Problem description –
For the data below, give again exactly the lines from the one containing "- by rewrite e_sym x_adj; lia." through the one containing "- rewrite !modS //.", both ends included, and no others.
Start of Supplied material
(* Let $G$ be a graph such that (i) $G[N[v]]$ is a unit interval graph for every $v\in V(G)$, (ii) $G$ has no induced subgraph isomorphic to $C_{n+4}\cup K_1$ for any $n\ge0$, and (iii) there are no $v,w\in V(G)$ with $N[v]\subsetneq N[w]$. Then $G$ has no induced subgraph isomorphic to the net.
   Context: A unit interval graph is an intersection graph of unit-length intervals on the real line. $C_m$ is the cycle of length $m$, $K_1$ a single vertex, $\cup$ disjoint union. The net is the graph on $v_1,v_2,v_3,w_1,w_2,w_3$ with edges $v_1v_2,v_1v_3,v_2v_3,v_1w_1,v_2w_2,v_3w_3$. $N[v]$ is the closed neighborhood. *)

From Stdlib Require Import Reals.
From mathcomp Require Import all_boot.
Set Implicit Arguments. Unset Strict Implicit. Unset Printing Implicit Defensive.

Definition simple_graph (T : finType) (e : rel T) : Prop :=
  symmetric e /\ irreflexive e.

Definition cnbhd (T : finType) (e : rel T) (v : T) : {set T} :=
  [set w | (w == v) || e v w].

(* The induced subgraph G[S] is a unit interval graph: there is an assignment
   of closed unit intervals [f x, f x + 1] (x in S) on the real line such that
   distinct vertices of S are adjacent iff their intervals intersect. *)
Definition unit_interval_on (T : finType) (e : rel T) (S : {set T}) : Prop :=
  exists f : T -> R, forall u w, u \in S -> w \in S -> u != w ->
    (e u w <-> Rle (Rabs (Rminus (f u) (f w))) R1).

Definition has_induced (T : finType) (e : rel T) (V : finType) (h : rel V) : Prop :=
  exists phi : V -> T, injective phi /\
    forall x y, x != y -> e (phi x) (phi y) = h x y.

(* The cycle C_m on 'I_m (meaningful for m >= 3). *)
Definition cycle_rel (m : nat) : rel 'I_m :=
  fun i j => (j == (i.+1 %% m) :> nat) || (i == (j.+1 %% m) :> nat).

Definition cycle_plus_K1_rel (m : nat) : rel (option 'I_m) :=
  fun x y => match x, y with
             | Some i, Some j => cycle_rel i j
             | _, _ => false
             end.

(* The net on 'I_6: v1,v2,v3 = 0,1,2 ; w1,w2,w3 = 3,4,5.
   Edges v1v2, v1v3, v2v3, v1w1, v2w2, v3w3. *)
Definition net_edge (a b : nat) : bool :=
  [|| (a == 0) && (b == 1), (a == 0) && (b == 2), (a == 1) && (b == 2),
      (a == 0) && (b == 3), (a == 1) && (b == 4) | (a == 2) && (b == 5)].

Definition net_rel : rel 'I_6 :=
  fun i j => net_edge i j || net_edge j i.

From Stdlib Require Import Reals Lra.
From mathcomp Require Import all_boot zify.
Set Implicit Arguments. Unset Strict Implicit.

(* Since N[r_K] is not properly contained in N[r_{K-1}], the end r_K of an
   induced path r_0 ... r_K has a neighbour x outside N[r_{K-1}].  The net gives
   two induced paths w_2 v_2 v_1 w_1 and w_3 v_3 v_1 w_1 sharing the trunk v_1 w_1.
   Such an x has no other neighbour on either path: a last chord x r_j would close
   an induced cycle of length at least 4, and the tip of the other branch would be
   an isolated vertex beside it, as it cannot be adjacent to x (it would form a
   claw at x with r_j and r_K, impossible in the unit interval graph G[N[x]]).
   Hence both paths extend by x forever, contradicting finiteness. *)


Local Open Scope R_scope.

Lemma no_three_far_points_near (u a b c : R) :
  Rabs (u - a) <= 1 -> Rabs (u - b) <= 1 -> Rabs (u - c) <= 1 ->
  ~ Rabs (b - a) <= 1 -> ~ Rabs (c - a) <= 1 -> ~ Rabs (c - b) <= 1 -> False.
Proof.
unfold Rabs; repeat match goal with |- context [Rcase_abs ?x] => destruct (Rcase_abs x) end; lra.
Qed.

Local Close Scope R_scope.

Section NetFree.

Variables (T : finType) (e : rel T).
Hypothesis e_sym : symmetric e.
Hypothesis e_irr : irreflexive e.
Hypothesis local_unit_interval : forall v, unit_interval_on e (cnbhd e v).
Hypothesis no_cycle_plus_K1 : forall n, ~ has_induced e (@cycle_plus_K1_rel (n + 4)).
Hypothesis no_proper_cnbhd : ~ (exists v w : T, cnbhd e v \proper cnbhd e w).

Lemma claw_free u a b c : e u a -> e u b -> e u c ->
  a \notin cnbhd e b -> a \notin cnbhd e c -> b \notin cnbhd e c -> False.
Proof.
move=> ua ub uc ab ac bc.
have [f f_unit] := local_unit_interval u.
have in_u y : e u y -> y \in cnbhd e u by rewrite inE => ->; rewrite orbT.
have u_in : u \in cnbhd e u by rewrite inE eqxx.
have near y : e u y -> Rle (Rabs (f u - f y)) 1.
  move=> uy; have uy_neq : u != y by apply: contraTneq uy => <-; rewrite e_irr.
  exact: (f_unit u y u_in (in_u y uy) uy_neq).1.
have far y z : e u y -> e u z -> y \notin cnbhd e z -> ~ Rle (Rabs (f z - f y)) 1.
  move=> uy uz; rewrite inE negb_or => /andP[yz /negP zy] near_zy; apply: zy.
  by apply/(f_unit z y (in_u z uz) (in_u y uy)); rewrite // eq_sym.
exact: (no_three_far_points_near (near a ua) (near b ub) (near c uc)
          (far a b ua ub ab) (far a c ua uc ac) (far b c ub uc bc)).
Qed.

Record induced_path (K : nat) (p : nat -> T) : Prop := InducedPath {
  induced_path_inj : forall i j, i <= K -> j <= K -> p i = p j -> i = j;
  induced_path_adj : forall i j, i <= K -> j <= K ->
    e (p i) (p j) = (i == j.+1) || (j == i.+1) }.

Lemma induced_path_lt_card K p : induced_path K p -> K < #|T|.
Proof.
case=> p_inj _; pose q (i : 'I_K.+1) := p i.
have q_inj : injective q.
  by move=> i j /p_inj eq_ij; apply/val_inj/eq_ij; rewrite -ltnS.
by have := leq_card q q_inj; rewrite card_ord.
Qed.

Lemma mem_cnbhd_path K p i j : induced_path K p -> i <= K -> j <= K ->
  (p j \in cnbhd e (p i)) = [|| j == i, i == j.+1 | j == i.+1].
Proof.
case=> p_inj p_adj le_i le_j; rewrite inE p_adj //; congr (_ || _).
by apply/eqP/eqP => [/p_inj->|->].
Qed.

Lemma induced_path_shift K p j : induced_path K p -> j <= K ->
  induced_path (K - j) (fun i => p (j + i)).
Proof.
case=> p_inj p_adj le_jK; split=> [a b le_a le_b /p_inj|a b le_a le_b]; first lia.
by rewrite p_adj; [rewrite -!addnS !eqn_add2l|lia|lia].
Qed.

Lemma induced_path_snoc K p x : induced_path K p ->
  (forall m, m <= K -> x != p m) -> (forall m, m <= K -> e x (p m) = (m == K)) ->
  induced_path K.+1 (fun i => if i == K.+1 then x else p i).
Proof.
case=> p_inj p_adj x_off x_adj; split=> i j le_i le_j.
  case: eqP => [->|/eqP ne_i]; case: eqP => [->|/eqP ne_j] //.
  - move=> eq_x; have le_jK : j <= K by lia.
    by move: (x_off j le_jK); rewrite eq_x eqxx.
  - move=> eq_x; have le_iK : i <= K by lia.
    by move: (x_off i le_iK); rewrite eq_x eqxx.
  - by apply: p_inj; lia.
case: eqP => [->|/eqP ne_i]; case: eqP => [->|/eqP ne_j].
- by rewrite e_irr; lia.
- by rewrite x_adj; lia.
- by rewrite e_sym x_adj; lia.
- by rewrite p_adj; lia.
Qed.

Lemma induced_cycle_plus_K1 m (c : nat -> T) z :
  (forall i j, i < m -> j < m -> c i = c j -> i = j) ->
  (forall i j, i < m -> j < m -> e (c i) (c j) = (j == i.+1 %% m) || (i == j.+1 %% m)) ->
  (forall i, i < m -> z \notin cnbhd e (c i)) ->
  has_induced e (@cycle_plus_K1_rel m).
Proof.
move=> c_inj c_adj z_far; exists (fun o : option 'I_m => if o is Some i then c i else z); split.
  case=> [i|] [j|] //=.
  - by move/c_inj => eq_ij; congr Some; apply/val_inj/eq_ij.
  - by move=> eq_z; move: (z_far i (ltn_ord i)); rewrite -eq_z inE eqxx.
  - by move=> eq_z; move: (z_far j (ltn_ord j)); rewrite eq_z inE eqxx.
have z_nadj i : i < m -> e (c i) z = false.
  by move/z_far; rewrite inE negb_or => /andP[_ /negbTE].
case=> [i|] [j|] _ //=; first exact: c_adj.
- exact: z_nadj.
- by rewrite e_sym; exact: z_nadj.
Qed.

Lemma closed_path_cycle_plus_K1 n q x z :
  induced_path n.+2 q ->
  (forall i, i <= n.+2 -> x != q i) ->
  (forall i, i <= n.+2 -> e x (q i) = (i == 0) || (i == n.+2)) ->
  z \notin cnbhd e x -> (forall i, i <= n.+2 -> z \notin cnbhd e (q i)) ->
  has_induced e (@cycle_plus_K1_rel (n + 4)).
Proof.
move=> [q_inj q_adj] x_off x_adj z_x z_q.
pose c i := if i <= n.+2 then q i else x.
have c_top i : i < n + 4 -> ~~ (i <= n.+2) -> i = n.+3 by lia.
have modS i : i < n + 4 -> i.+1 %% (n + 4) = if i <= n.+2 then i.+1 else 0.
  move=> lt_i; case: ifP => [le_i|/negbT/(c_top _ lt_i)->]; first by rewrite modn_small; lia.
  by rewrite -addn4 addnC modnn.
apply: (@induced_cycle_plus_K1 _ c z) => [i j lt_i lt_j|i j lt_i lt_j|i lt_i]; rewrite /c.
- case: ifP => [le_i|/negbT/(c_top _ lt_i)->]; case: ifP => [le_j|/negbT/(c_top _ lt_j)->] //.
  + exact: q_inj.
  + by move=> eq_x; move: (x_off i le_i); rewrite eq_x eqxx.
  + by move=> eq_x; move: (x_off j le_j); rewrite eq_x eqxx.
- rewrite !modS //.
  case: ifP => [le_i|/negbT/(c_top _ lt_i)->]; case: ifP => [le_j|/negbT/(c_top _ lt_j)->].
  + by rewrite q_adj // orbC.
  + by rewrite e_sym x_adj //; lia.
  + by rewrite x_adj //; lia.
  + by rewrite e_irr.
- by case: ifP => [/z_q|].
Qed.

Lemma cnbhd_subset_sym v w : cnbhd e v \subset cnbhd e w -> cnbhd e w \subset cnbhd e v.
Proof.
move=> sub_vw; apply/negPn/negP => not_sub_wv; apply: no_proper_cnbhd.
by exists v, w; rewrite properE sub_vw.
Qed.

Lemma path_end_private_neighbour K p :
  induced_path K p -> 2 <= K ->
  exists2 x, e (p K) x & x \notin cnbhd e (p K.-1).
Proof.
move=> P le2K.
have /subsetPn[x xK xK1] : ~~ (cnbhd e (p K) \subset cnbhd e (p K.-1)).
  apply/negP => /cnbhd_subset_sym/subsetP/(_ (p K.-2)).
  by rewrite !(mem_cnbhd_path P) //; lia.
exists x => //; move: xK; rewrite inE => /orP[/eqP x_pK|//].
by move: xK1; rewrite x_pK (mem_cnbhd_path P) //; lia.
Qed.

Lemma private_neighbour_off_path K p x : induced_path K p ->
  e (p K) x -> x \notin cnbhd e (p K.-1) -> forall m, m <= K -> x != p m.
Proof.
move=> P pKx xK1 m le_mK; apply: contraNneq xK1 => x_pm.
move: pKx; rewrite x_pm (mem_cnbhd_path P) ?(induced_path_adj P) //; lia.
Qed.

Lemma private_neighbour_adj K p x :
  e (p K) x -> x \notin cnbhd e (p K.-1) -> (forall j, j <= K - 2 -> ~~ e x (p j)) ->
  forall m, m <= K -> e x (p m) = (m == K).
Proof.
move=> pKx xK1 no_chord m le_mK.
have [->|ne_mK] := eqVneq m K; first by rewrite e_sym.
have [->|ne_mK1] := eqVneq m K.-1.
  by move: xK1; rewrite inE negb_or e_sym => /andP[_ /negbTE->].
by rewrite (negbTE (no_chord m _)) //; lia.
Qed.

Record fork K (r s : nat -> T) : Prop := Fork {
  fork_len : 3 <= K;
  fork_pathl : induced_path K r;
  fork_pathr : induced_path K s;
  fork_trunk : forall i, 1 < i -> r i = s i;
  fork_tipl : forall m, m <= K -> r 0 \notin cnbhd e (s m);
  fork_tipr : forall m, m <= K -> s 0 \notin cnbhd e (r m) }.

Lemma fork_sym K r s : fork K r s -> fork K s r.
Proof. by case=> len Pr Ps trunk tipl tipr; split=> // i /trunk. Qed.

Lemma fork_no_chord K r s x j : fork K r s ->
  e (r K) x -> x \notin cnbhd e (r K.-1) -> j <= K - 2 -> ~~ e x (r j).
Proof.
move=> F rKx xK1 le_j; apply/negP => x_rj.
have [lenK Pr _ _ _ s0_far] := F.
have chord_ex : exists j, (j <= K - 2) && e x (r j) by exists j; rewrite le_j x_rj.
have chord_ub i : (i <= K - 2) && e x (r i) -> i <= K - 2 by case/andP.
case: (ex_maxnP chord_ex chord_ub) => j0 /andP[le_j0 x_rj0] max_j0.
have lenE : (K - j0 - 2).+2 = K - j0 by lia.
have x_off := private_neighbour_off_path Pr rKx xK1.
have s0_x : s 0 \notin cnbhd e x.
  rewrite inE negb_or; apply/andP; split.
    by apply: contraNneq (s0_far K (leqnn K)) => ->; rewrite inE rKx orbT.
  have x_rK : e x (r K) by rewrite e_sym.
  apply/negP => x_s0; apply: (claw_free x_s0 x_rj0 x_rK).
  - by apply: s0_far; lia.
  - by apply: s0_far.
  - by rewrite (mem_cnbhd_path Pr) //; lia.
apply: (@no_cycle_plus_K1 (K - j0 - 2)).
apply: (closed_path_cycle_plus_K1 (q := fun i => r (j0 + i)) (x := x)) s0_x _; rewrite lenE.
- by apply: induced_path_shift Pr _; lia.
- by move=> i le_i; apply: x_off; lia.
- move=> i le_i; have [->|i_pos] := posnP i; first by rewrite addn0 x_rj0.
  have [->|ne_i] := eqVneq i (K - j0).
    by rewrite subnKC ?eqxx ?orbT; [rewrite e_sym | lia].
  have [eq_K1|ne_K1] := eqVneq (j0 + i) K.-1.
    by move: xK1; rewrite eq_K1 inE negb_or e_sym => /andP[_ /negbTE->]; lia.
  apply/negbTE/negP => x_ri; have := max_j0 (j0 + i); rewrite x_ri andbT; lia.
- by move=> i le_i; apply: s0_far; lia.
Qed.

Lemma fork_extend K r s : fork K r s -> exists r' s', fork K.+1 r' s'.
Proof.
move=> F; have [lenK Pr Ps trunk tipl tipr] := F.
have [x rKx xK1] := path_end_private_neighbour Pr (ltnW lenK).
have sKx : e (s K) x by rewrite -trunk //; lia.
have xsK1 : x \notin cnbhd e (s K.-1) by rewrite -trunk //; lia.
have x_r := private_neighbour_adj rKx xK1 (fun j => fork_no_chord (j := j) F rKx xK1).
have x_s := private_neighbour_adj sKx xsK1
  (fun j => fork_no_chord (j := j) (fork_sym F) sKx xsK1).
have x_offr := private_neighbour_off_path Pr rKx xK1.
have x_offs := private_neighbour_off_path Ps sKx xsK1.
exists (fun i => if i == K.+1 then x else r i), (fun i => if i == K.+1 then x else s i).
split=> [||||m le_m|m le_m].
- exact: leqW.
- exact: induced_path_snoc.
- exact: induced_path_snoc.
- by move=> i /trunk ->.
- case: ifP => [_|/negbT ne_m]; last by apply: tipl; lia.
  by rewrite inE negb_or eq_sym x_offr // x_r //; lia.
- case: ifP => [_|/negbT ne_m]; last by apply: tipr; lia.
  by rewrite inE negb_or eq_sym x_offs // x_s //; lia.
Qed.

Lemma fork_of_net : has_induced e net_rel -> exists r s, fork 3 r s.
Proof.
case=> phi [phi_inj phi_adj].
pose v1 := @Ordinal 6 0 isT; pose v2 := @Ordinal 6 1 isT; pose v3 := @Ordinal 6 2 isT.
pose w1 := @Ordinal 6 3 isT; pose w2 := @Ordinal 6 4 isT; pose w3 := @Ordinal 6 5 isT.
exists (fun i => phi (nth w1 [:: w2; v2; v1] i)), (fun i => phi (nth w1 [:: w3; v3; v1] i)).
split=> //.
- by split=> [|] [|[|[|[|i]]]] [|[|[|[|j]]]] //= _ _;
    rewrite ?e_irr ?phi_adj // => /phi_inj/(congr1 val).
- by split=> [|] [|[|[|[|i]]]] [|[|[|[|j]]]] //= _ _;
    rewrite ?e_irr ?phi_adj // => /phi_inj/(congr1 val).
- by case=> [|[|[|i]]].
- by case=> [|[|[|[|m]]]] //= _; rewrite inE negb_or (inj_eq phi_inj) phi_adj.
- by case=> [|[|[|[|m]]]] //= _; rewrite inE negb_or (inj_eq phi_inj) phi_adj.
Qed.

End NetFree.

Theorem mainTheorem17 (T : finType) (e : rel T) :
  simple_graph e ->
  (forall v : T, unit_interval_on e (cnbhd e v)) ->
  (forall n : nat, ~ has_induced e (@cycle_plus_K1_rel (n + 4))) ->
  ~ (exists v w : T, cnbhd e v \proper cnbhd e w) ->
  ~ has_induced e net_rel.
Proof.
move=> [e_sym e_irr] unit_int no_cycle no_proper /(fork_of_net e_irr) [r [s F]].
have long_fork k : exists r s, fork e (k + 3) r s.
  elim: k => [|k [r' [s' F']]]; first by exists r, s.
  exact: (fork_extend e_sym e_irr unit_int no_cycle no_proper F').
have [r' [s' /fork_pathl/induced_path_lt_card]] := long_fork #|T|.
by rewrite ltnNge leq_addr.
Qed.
End of Supplied material
Exercise response –
- by rewrite e_sym x_adj; lia.
- by rewrite p_adj; lia.
Qed.

Lemma induced_cycle_plus_K1 m (c : nat -> T) z :
  (forall i j, i < m -> j < m -> c i = c j -> i = j) ->
  (forall i j, i < m -> j < m -> e (c i) (c j) = (j == i.+1 %% m) || (i == j.+1 %% m)) ->
  (forall i, i < m -> z \notin cnbhd e (c i)) ->
  has_induced e (@cycle_plus_K1_rel m).
Proof.
move=> c_inj c_adj z_far; exists (fun o : option 'I_m => if o is Some i then c i else z); split.
  case=> [i|] [j|] //=.
  - by move/c_inj => eq_ij; congr Some; apply/val_inj/eq_ij.
  - by move=> eq_z; move: (z_far i (ltn_ord i)); rewrite -eq_z inE eqxx.
  - by move=> eq_z; move: (z_far j (ltn_ord j)); rewrite eq_z inE eqxx.
have z_nadj i : i < m -> e (c i) z = false.
  by move/z_far; rewrite inE negb_or => /andP[_ /negbTE].
case=> [i|] [j|] _ //=; first exact: c_adj.
- exact: z_nadj.
- by rewrite e_sym; exact: z_nadj.
Qed.

Lemma closed_path_cycle_plus_K1 n q x z :
  induced_path n.+2 q ->
  (forall i, i <= n.+2 -> x != q i) ->
  (forall i, i <= n.+2 -> e x (q i) = (i == 0) || (i == n.+2)) ->
  z \notin cnbhd e x -> (forall i, i <= n.+2 -> z \notin cnbhd e (q i)) ->
  has_induced e (@cycle_plus_K1_rel (n + 4)).
Proof.
move=> [q_inj q_adj] x_off x_adj z_x z_q.
pose c i := if i <= n.+2 then q i else x.
have c_top i : i < n + 4 -> ~~ (i <= n.+2) -> i = n.+3 by lia.
have modS i : i < n + 4 -> i.+1 %% (n + 4) = if i <= n.+2 then i.+1 else 0.
  move=> lt_i; case: ifP => [le_i|/negbT/(c_top _ lt_i)->]; first by rewrite modn_small; lia.
  by rewrite -addn4 addnC modnn.
apply: (@induced_cycle_plus_K1 _ c z) => [i j lt_i lt_j|i j lt_i lt_j|i lt_i]; rewrite /c.
- case: ifP => [le_i|/negbT/(c_top _ lt_i)->]; case: ifP => [le_j|/negbT/(c_top _ lt_j)->] //.
  + exact: q_inj.
  + by move=> eq_x; move: (x_off i le_i); rewrite eq_x eqxx.
  + by move=> eq_x; move: (x_off j le_j); rewrite eq_x eqxx.
- rewrite !modS //.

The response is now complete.